▶ _Data listing_:
■ ■ ■

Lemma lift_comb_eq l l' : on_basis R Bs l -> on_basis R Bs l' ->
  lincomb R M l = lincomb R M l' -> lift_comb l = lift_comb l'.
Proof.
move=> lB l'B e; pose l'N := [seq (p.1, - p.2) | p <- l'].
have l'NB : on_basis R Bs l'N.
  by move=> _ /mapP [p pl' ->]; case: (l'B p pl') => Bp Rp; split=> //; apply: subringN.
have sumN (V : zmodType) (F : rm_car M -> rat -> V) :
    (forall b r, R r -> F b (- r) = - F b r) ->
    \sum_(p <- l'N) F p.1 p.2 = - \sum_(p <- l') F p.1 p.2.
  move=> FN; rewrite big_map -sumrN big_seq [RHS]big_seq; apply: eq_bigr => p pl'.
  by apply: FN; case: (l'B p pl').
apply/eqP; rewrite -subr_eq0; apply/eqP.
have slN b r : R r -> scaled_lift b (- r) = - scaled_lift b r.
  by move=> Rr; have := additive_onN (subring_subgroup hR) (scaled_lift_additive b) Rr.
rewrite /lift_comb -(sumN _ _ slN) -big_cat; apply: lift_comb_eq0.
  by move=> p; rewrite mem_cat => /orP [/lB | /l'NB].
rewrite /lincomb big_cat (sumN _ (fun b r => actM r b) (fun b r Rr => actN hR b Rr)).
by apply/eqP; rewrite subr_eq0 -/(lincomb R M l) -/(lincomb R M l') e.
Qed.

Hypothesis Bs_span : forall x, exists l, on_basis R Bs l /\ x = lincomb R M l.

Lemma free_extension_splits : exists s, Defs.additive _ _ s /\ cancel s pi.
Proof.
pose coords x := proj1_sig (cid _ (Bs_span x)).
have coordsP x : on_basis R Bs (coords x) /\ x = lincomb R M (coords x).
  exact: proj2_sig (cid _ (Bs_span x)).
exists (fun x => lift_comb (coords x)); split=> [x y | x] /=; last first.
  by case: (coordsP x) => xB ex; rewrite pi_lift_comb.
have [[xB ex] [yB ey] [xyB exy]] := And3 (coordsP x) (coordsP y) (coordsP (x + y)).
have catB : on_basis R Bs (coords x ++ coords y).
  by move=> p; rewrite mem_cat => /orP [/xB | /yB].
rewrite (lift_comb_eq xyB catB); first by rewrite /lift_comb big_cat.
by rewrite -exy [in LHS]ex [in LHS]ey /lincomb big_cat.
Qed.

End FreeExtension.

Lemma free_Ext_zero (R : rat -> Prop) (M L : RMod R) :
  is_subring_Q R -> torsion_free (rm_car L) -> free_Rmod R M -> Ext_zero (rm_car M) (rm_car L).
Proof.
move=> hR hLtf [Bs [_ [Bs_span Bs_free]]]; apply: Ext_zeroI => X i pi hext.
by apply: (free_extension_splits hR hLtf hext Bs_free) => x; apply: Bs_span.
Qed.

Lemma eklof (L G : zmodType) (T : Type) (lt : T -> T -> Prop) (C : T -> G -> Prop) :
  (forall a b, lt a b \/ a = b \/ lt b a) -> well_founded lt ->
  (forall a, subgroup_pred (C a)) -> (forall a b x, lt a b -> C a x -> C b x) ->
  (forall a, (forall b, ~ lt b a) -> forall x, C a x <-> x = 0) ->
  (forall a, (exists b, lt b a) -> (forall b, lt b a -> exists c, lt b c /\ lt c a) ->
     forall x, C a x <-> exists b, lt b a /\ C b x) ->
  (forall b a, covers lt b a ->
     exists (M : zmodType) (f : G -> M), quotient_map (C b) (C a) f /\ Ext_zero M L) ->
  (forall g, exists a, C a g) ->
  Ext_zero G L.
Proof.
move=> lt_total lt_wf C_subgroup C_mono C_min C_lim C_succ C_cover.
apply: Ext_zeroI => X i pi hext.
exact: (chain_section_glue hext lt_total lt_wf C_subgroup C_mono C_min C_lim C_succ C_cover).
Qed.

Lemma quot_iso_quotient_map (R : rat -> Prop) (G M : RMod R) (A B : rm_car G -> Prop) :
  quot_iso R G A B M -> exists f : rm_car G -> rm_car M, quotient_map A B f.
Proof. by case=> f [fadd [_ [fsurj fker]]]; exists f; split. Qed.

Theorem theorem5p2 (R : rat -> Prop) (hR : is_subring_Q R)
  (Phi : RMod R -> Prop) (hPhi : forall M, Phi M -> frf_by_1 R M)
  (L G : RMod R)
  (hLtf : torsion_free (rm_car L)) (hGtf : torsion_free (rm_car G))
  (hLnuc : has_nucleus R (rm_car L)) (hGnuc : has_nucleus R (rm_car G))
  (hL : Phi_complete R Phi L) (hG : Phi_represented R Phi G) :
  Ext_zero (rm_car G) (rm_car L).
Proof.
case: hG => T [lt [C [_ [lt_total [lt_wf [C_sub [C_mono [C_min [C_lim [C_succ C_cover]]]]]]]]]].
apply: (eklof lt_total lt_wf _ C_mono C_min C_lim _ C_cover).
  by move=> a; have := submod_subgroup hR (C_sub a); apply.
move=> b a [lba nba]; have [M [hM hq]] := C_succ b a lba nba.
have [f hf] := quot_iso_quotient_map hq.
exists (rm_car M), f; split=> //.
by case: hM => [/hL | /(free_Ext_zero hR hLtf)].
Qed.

■ ■ ■

▶ _What is required_: Where the material contains a line with "zmodType", return that line.

▶ _Reply to the task_:
have sumN (V : zmodType) (F : rm_car M -> rat -> V) :
Lemma eklof (L G : zmodType) (T : Type) (lt : T -> T -> Prop) (C : T -> G -> Prop) :
     exists (M : zmodType) (f : G -> M), quotient_map (C b) (C a) f /\ Ext_zero M L) ->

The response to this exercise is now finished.